### Exercise description
Each line below that contains "mathcomp" counts once; report the total and nothing more.
--- Given data Enclosed Below ---
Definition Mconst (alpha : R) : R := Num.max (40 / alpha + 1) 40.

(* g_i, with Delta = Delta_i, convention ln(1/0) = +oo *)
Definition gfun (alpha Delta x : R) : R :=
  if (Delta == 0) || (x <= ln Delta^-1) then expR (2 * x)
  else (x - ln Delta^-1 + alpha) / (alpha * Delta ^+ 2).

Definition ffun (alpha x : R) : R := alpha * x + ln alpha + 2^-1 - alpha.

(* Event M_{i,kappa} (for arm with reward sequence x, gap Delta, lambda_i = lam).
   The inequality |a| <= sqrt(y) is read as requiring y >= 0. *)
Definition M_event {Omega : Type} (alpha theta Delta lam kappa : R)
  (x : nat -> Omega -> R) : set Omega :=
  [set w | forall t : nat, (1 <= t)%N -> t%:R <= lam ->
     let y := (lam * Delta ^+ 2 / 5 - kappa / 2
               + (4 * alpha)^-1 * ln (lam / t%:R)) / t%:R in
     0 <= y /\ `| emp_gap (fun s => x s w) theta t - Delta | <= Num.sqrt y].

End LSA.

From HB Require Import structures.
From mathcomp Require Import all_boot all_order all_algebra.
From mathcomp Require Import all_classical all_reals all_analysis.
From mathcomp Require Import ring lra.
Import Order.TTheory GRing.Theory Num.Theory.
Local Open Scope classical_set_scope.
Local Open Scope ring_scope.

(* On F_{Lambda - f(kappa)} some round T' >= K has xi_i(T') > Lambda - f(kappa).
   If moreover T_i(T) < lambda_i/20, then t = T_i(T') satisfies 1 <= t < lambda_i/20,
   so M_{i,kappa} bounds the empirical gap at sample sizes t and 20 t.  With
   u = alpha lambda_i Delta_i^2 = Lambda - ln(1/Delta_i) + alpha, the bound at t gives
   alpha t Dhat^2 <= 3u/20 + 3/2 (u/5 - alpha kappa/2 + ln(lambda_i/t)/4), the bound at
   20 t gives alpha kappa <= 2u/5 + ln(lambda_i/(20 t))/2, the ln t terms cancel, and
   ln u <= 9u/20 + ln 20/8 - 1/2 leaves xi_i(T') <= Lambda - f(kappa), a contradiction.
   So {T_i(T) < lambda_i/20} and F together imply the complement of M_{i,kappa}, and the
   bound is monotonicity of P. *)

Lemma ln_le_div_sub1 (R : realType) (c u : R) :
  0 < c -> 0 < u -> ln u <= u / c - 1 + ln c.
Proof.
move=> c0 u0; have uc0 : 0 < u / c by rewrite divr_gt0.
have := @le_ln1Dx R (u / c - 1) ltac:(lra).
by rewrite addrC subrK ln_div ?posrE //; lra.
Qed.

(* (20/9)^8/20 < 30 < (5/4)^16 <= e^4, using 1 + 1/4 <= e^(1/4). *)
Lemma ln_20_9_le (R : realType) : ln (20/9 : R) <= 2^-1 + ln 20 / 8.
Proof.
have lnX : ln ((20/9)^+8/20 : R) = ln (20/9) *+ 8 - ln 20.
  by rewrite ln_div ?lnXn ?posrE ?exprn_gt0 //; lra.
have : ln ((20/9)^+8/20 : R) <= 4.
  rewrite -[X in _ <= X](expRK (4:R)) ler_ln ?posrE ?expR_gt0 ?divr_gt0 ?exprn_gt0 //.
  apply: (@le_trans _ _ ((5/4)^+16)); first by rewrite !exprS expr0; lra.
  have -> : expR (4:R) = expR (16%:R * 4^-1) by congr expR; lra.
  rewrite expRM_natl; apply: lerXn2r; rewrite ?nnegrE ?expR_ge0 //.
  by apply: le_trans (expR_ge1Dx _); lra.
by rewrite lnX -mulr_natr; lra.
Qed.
--- End of Enclosed Given data ---
### Task solution
3